TASK TO CARRY OUT -> Return the lines of the data below in which the string "then" occurs.

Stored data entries
(* For every integer $n \geq 2$, $D_n = (n-1)\left[D_{n-1} + D_{n-2}\right] + (-1)^{n-1}$, with the convention $D_0 = 0$.
   Context: A linear arrangement of $\{1,\ldots,n\}$ is a sequence $a_1\cdots a_n$ in which each of $1,\ldots,n$ appears exactly once. It contains the pattern $ij$ if $a_t=i$ and $a_{t+1}=j$ for some $t$; otherwise it avoids it. $D_n$ is the number of linear arrangements of $\{1,\ldots,n\}$ avoiding all of the patterns $12, 23, \ldots, (n-1)n, n1$; $D_0=0$. *)

From mathcomp Require Import all_boot all_algebra.
Set Implicit Arguments. Unset Strict Implicit. Unset Printing Implicit Defensive.

(* The list
   [permutations (iota 1 n)] enumerates all of them without duplicates. *)
Definition arrangements (n : nat) : seq (seq nat) := permutations (iota 1 n).

Definition contains_pat (a : seq nat) (i j : nat) : bool :=
  has (fun t => (nth 0 a t == i) && (nth 0 a t.+1 == j)) (iota 0 (size a).-1).

Definition patterns (n : nat) : seq (nat * nat) :=
  [seq (i, i.+1) | i <- iota 1 n.-1] ++ [:: (n, 1)].

Definition avoids_all (n : nat) (a : seq nat) : bool :=
  all (fun p => ~~ contains_pat a p.1 p.2) (patterns n).

Definition D (n : nat) : nat :=
  if n == 0 then 0 else count (avoids_all n) (arrangements n).

(* Deletion-contraction for arrangements avoiding forbidden adjacencies: among the
   arrangements of U avoiding a list E, those that contain the adjacency x y and avoid the
   rest of E correspond, by deleting y, to the arrangements of U minus y avoiding E with y
   renamed to x.  For a path with k edges in an n-set this gives the counts P(n, 0) = n!,
   P(n, k+1) = P(n, k) - P(n-1, k); for the cycle 1 2 ... n 1 it gives
   D_(n+1) = P(n+1, n) - D_n.  The counts Q_n = P(n, n-1) = D_n + D_(n-1) of succession-free
   arrangements satisfy Q_(n+2) = (n+1) Q_(n+1) + n Q_n, by induction on k in the recurrence
   for P; eliminating Q yields the recurrence for D by induction on n. *)

From mathcomp Require Import all_boot all_algebra.
From mathcomp Require Import ring.
Import GRing.Theory.

Set Implicit Arguments.
Unset Strict Implicit.
Unset Printing Implicit Defensive.

Lemma leq_count_cancel (T1 T2 : eqType) (s1 : seq T1) (s2 : seq T2)
    (P : pred T1) (Q : pred T2) (f : T1 -> T2) (g : T2 -> T1) :
  uniq s1 -> {in s1, forall a, P a -> [/\ f a \in s2, Q (f a) & g (f a) = a]} ->
  count P s1 <= count Q s2.
Proof.
move=> uniq_s1 fP; rewrite -!size_filter -(size_map f); apply: uniq_leq_size.
  rewrite map_inj_in_uniq ?filter_uniq // => a b.
  rewrite !mem_filter => /andP[Pa a_s1] /andP[Pb b_s1] fab.
  by have [_ _ <-] := fP a a_s1 Pa; have [_ _ <-] := fP b b_s1 Pb; rewrite fab.
move=> b /mapP[a]; rewrite mem_filter => /andP[Pa a_s1] ->.
by have [fa_s2 Qfa _] := fP a a_s1 Pa; rewrite mem_filter Qfa.
Qed.

Lemma count_bij (T1 T2 : eqType) (s1 : seq T1) (s2 : seq T2)
    (P : pred T1) (Q : pred T2) (f : T1 -> T2) (g : T2 -> T1) :
  uniq s1 -> uniq s2 ->
  {in s1, forall a, P a -> [/\ f a \in s2, Q (f a) & g (f a) = a]} ->
  {in s2, forall b, Q b -> [/\ g b \in s1, P (g b) & f (g b) = b]} ->
  count P s1 = count Q s2.
Proof.
move=> uniq_s1 uniq_s2 fP gQ.
by apply/anti_leq; rewrite (leq_count_cancel _ fP) ?(leq_count_cancel _ gQ).
Qed.

Section Adjacency.
Variable T : eqType.
Implicit Types (x y z u v : T) (s p q t : seq T).

Definition adj s : seq (T * T) := zip s (behead s).

Lemma adj_cons2 x y s : adj [:: x, y & s] = (x, y) :: adj (y :: s).
Proof. by []. Qed.

Lemma adj_cat p z q : adj (p ++ z :: q) = adj (rcons p z) ++ adj (z :: q).
Proof. by elim: p => [|x [|y p] IH] //; rewrite !cat_cons adj_cons2 -cat_cons IH. Qed.

Lemma adj_rcons x s z : adj (rcons (x :: s) z) = rcons (adj (x :: s)) (last x s, z).
Proof.
by elim: s x => [|y s IH] x //; rewrite rcons_cons [LHS]adj_cons2 -rcons_cons IH.
Qed.

Lemma adj_map (f : T -> T) s :
  adj (map f s) = map (fun e => (f e.1, f e.2)) (adj s).
Proof. by elim: s => [|x [|y s] IH] //; rewrite map_cons [LHS]adj_cons2 -map_cons IH. Qed.

Lemma mem_adj u v z t : (u, v) \in adj (z :: t) -> (u \in belast z t) && (v \in t).
Proof.
elim: t z => [|w t IH] z //; rewrite adj_cons2 /= !in_cons xpair_eqE.
by case/orP=> [/andP[-> ->] // | /IH/andP[-> ->]]; rewrite !orbT.
Qed.

Lemma mem_adj_rcons u v p z : (u, v) \in adj (rcons p z) -> u \in p.
Proof. by case: p => [|w p] // /mem_adj; rewrite belast_rcons => /andP[]. Qed.

Lemma mem_adj_neq u v z t : u != z -> ((u, v) \in adj (z :: t)) = ((u, v) \in adj t).
Proof. by case: t => [|w t] // uz; rewrite adj_cons2 in_cons xpair_eqE (negbTE uz). Qed.

Lemma mem_adj_head z v t : z \notin t -> ((z, v) \in adj (z :: t)) = (ohead t == Some v).
Proof.
case: t => [|w t] // zt; rewrite adj_cons2 in_cons xpair_eqE eqxx eq_sym /=.
have /negbTE-> : (z, v) \notin adj (w :: t).
  by apply: contra zt => /mem_adj/andP[/mem_belast].
by rewrite orbF.
Qed.

Lemma adj_split x y s : (x, y) \in adj s -> exists p q, s = p ++ x :: y :: q.
Proof.
elim: s => [|z [|w s] IH] //; rewrite adj_cons2 in_cons xpair_eqE.
case/orP=> [/andP[/eqP-> /eqP->] | /IH[p [q ->]]]; first by exists [::], s.
by exists (z :: p), q.
Qed.

Lemma mem_adj_mid p x y q : (x, y) \in adj (p ++ x :: y :: q).
Proof. by rewrite adj_cat adj_cons2 mem_cat in_cons eqxx orbT. Qed.

Lemma uniq_adj_loop x s : uniq s -> (x, x) \notin adj s.
Proof.
move=> uniq_s; apply/negP => /adj_split[p [q s_eq]]; move: uniq_s.
by rewrite s_eq cat_uniq /= in_cons eqxx /= !andbF.
Qed.

Lemma uniq_cons2 x y t : uniq [:: x, y & t] = [&& x != y, x \notin t, y \notin t & uniq t].
Proof. by rewrite /= inE negb_or -!andbA. Qed.

Lemma rem_contract p x y q :
  y \notin p -> x != y -> rem y (p ++ x :: y :: q) = p ++ x :: q.
Proof.
move=> + xy; elim: p => [|z p IH] /=; first by rewrite (negbTE xy) eqxx.
by rewrite in_cons negb_or eq_sym => /andP[/negbTE-> /IH->].
Qed.

Definition merge x y z := if z == y then x else z.

Definition merge_pair x y (e : T * T) := (merge x y e.1, merge x y e.2).

Lemma mem_adj_contract p x y q u v :
    uniq (p ++ x :: y :: q) -> u != x -> v != y ->
  ((u, v) \in adj (p ++ x :: y :: q)) = (merge_pair x y (u, v) \in adj (p ++ x :: q)).
Proof.
rewrite cat_uniq uniq_cons2 /= !negb_or.
move=> /and3P[_ /and3P[xNp yNp _] /and4P[_ xNq yNq _]] ux vy.
rewrite !adj_cat adj_cons2 !mem_cat in_cons xpair_eqE (negbTE ux).
rewrite /merge_pair /merge /= (negbTE vy).
have [-> | uy] := eqVneq u y.
  rewrite !(mem_adj_head _ xNq, mem_adj_head _ yNq).
  have /negbTE-> : (y, v) \notin adj (rcons p x) by apply: contra yNp => /mem_adj_rcons.
  by have /negbTE-> : (x, v) \notin adj (rcons p x) by apply: contra xNp => /mem_adj_rcons.
by rewrite !mem_adj_neq.
Qed.

Fixpoint insert_after x y s :=
  if s is z :: s' then if z == x then z :: y :: s' else z :: insert_after x y s' else [::].

Lemma insert_after_cat x y p q :
  x \notin p -> insert_after x y (p ++ x :: q) = p ++ x :: y :: q.
Proof.
elim: p => [|z p IH] /=; first by rewrite eqxx.
by rewrite in_cons negb_or eq_sym => /andP[/negbTE-> /IH->].
Qed.

Lemma perm_contract U p x y q : y \in U ->
  perm_eq (p ++ x :: y :: q) U = perm_eq (p ++ x :: q) (rem y U).
Proof.
move=> yU; rewrite (permPr (perm_to_rem yU)).
have -> : p ++ x :: y :: q = (p ++ [:: x]) ++ [:: y] ++ q by rewrite -catA.
by rewrite perm_catCA /= -catA perm_cons.
Qed.

Definition avoids (E : seq (T * T)) a := all (fun e => e \notin adj a) E.

Definition n_avoiders U E := count (avoids E) (permutations U).

Lemma avoids_contract p x y q E :
    uniq (p ++ x :: y :: q) -> {in E, forall e, (e.1 != x) && (e.2 != y)} ->
  avoids E (p ++ x :: y :: q) = avoids (map (merge_pair x y) E) (p ++ x :: q).
Proof.
move=> uniq_a E_xy; rewrite /avoids all_map.
by apply: eq_in_all => -[u v] /E_xy /andP[ux vy] /=; rewrite (mem_adj_contract uniq_a ux vy).
Qed.

Lemma count_contract U x y E : uniq U -> x \in U -> y \in U -> x != y ->
    {in E, forall e, (e.1 != x) && (e.2 != y)} ->
  count (fun a => ((x, y) \in adj a) && avoids E a) (permutations U) =
  n_avoiders (rem y U) (map (merge_pair x y) E).
Proof.
move=> uniq_U xU yU xy E_xy.
apply: (count_bij (f := rem y) (g := insert_after x y)); rewrite ?permutations_uniq //.
  move=> a; rewrite mem_permutations => perm_aU /andP[/adj_split[p [q a_eq]] avE].
  subst a; have uniq_a : uniq (p ++ x :: y :: q) by rewrite (perm_uniq perm_aU).
  have [xNp yNp] : x \notin p /\ y \notin p.
    by move: uniq_a; rewrite cat_uniq /= !in_cons !negb_or => /and3P[_ /and3P[]].
  rewrite rem_contract // mem_permutations -perm_contract // perm_aU.
  by rewrite -avoids_contract // insert_after_cat.
move=> b; rewrite mem_permutations => perm_b avE'.
have uniq_b : uniq b by rewrite (perm_uniq perm_b) rem_uniq.
have xb : x \in b by rewrite (perm_mem perm_b) (mem_rem_uniq _ uniq_U) inE xy xU.
have yNb : y \notin b by rewrite (perm_mem perm_b) (mem_rem_uniqF _ uniq_U).
case/splitPr: xb => p q in perm_b uniq_b avE' yNb *.
have xNp : x \notin p by move: uniq_b; rewrite cat_uniq /= => /and3P[_ /norP[]].
have yNp : y \notin p by move: yNb; rewrite mem_cat negb_or => /andP[].
have perm_a : perm_eq (p ++ x :: y :: q) U by rewrite perm_contract.
have uniq_a : uniq (p ++ x :: y :: q) by rewrite (perm_uniq perm_a).
rewrite insert_after_cat // mem_permutations perm_a mem_adj_mid avoids_contract //.
by rewrite rem_contract.
Qed.

Lemma n_avoiders_nil U : uniq U -> n_avoiders U [::] = (size U)`!.
Proof. by move=> uniq_U; rewrite -size_permutations // -count_predT. Qed.

Lemma n_avoiders_delete_contract U x y t :
    uniq U -> x \in U -> y \in U -> x != y -> y \notin t -> x \notin belast y t ->
  n_avoiders U (adj (y :: t)) =
  n_avoiders U (adj [:: x, y & t]) + n_avoiders (rem y U) (adj (x :: t)).
Proof.
move=> uniq_U xU yU xy yNt xNbt.
have adj_xt : adj (x :: t) = map (merge_pair x y) (adj (y :: t)).
  have -> : x :: t = map (merge x y) (y :: t).
    rewrite /= {1}/merge eqxx map_id_in // => z zt.
    by rewrite /merge; case: eqP zt yNt => // -> ->.
  by rewrite adj_map.
rewrite adj_xt -count_contract //; last first.
  move=> [u v] /mem_adj/andP[u_bt v_t] /=.
  by apply/andP; split; [apply: contraTneq u_bt => -> | apply: contraTneq v_t => ->].
rewrite /n_avoiders -[LHS]size_filter -(count_predC (fun a => (x, y) \in adj a)).
by rewrite !count_filter addnC.
Qed.

Lemma subset_rem_cons2 U x y t : uniq U -> uniq [:: x, y & t] ->
  {subset [:: x, y & t] <= U} -> {subset x :: t <= rem y U}.
Proof.
move=> uniq_U; rewrite uniq_cons2 => /and4P[xy _ yNt _] sub z zxt.
rewrite (mem_rem_uniq _ uniq_U) inE sub ?andbT; last first.
  by move: zxt; rewrite !inE => /orP[-> | ->]; rewrite ?orbT.
by apply: contraTneq zxt => ->; rewrite inE negb_or eq_sym xy.
Qed.

End Adjacency.

Local Open Scope ring_scope.

Fixpoint path_avoiders n k : int :=
  if k is k'.+1 then path_avoiders n k' - path_avoiders n.-1 k' else n`!%:Z.

Fixpoint cycle_avoiders n k : int :=
  if k is k'.+1 then path_avoiders n k - cycle_avoiders n.-1 k' else n`!%:Z.

Lemma path_avoidersS n k : path_avoiders n k.+1 = path_avoiders n k - path_avoiders n.-1 k.
Proof. by []. Qed.

Lemma cycle_avoidersS n k :
  cycle_avoiders n k.+1 = path_avoiders n k.+1 - cycle_avoiders n.-1 k.
Proof. by []. Qed.

(* The hypothesis [k < n] is needed: for longer paths the truncated [n.-1] produces junk. *)
Lemma path_avoiders_rec n k : (k < n)%N ->
  path_avoiders n.+1 k.+1 = n%:Z * path_avoiders n k + k%:Z * path_avoiders n.-1 k.-1.
Proof.
elim: k n => [|k IH] n lt_kn.
  by rewrite path_avoidersS mul0r addr0 /= factS PoszM; ring.
case: n lt_kn => // n lt_kn.
have eA : path_avoiders n.+1 k = path_avoiders n k + path_avoiders n.+1 k.+1.
  by rewrite path_avoidersS addrC subrK.
rewrite [LHS]path_avoidersS (IH n.+1 (ltnW lt_kn)) eA (IH n lt_kn).
case: k {IH lt_kn eA} => [|k]; first by ring.
by rewrite !succnK path_avoidersS; ring.
Qed.

Section PathsAndCycles.
Variable T : eqType.
Implicit Types (x y : T) (t U : seq T).

Lemma n_avoiders_path U x t : uniq U -> uniq (x :: t) -> {subset x :: t <= U} ->
  (n_avoiders U (adj (x :: t)))%:Z = path_avoiders (size U) (size t).
Proof.
elim: t x U => [|y t IH] x U uniq_U; first by rewrite n_avoiders_nil.
move=> uniq_xyt sub; have sub_xt := subset_rem_cons2 uniq_U uniq_xyt sub.
have [xU yU] : x \in U /\ y \in U by split; apply: sub; rewrite !inE eqxx ?orbT.
move: uniq_xyt; rewrite uniq_cons2 => /and4P[xy xNt yNt uniq_t].
have [uniq_xt uniq_yt] : uniq (x :: t) /\ uniq (y :: t) by rewrite !cons_uniq xNt yNt.
have sub_yt : {subset y :: t <= U} by move=> z zyt; apply: sub; rewrite inE zyt orbT.
have xNbt : x \notin belast y t.
  by apply/negP => /mem_belast; rewrite inE (negbTE xy) (negbTE xNt).
rewrite path_avoidersS -(IH y U) // -(size_rem yU) -(IH x (rem y U)) ?rem_uniq //.
by rewrite (n_avoiders_delete_contract uniq_U xU yU xy yNt xNbt) PoszD addrK.
Qed.

Lemma n_avoiders_cycle U x t : uniq U -> uniq (x :: t) -> {subset x :: t <= U} ->
  (n_avoiders U (adj (rcons (x :: t) x)))%:Z = cycle_avoiders (size U) (size t).
Proof.
elim: t U => [|y t IH] U uniq_U.
  move=> _ _; rewrite [RHS]/= -n_avoiders_nil //; congr Posz; apply: eq_in_count => a.
  rewrite mem_permutations => /perm_uniq uniq_a.
  by rewrite /avoids /= andbT uniq_adj_loop ?uniq_a.
move=> uniq_xyt sub; have sub_xt := subset_rem_cons2 uniq_U uniq_xyt sub.
have [xU yU] : x \in U /\ y \in U by split; apply: sub; rewrite !inE eqxx ?orbT.
move: uniq_xyt; rewrite uniq_cons2 => /and4P[xy xNt yNt uniq_t].
have yNtx : y \notin rcons t x by rewrite mem_rcons inE negb_or eq_sym xy.
have xNbtx : x \notin belast y (rcons t x) by rewrite belast_rcons inE negb_or xy.
have path_ytx : (n_avoiders U (adj (y :: rcons t x)))%:Z = path_avoiders (size U) (size t).+1.
  rewrite n_avoiders_path ?size_rcons // ?cons_uniq ?yNtx ?rcons_uniq ?xNt //.
  by move=> z; rewrite in_cons mem_rcons in_cons orbCA -!in_cons; apply: sub.
have uniq_xt : uniq (x :: t) by rewrite cons_uniq xNt.
rewrite cycle_avoidersS -path_ytx -(size_rem yU) -(IH (rem y U)) ?rem_uniq //.
by rewrite (n_avoiders_delete_contract uniq_U xU yU xy yNtx xNbtx) PoszD addrK.
Qed.

End PathsAndCycles.

Lemma contains_patE a i j : contains_pat a i j = ((i, j) \in adj a).
Proof.
rewrite /contains_pat; elim: a => [|z [|w a] IH] //.
rewrite adj_cons2 in_cons xpair_eqE -IH /= (iotaDl 1 0) has_map [z == i]eq_sym [w == j]eq_sym.
by congr (_ || _); apply: eq_has => t /=; rewrite add1n.
Qed.

Lemma adj_iota a n : adj (iota a n.+1) = [seq (i, i.+1) | i <- iota a n].
Proof. by elim: n a => [|n IH] a //; rewrite adj_cons2 IH. Qed.

Lemma patterns_adj n : patterns n.+1 = adj (rcons (iota 1 n.+1) 1).
Proof.
have last_iota m a : last a (iota a.+1 m) = (a + m)%N.
  by elim: m a => [|m IH] a /=; rewrite ?addn0 // IH addSnnS.
by rewrite adj_rcons adj_iota last_iota -cats1.
Qed.

Lemma D_cycle_avoiders n : (D n.+1)%:Z = cycle_avoiders n.+1 n.
Proof.
have := n_avoiders_cycle (x := 1) (t := iota 2 n)
  (iota_uniq 1 n.+1) (iota_uniq 1 n.+1) (fun _ => id).
rewrite !size_iota => <-.
congr Posz; apply: eq_count => a; rewrite /avoids_all patterns_adj.
by apply: eq_all => -[i j]; rewrite contains_patE.
Qed.

Lemma path_avoiders_D n : path_avoiders n.+1 n = (D n.+1)%:Z + (D n)%:Z.
Proof.
case: n => [|n]; first by rewrite D_cycle_avoiders.
by rewrite !D_cycle_avoiders cycle_avoidersS subrK.
Qed.

Theorem corollary3p3 (n : nat) : (2 <= n)%N ->
  (D n)%:Z = (n.-1)%:Z * ((D n.-1)%:Z + (D n.-2)%:Z) + (-1) ^+ n.-1.
Proof.
case: n => [|[|n]] // _; rewrite !succnK.
elim: n => [|n IH]; first by [].
have := path_avoiders_rec (ltnSn n.+1); rewrite !succnK !path_avoiders_D => rec.
by apply: (addIr (D n.+2)%:Z); rewrite rec IH !exprS; ring.
Qed.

EXERCISE RESULT ->
  if n == 0 then 0 else count (avoids_all n) (arrangements n).
Definition merge x y z := if z == y then x else z.
  if s is z :: s' then if z == x then z :: y :: s' else z :: insert_after x y s' else [::].
  if k is k'.+1 then path_avoiders n k' - path_avoiders n.-1 k' else n`!%:Z.
  if k is k'.+1 then path_avoiders n k - cycle_avoiders n.-1 k' else n`!%:Z.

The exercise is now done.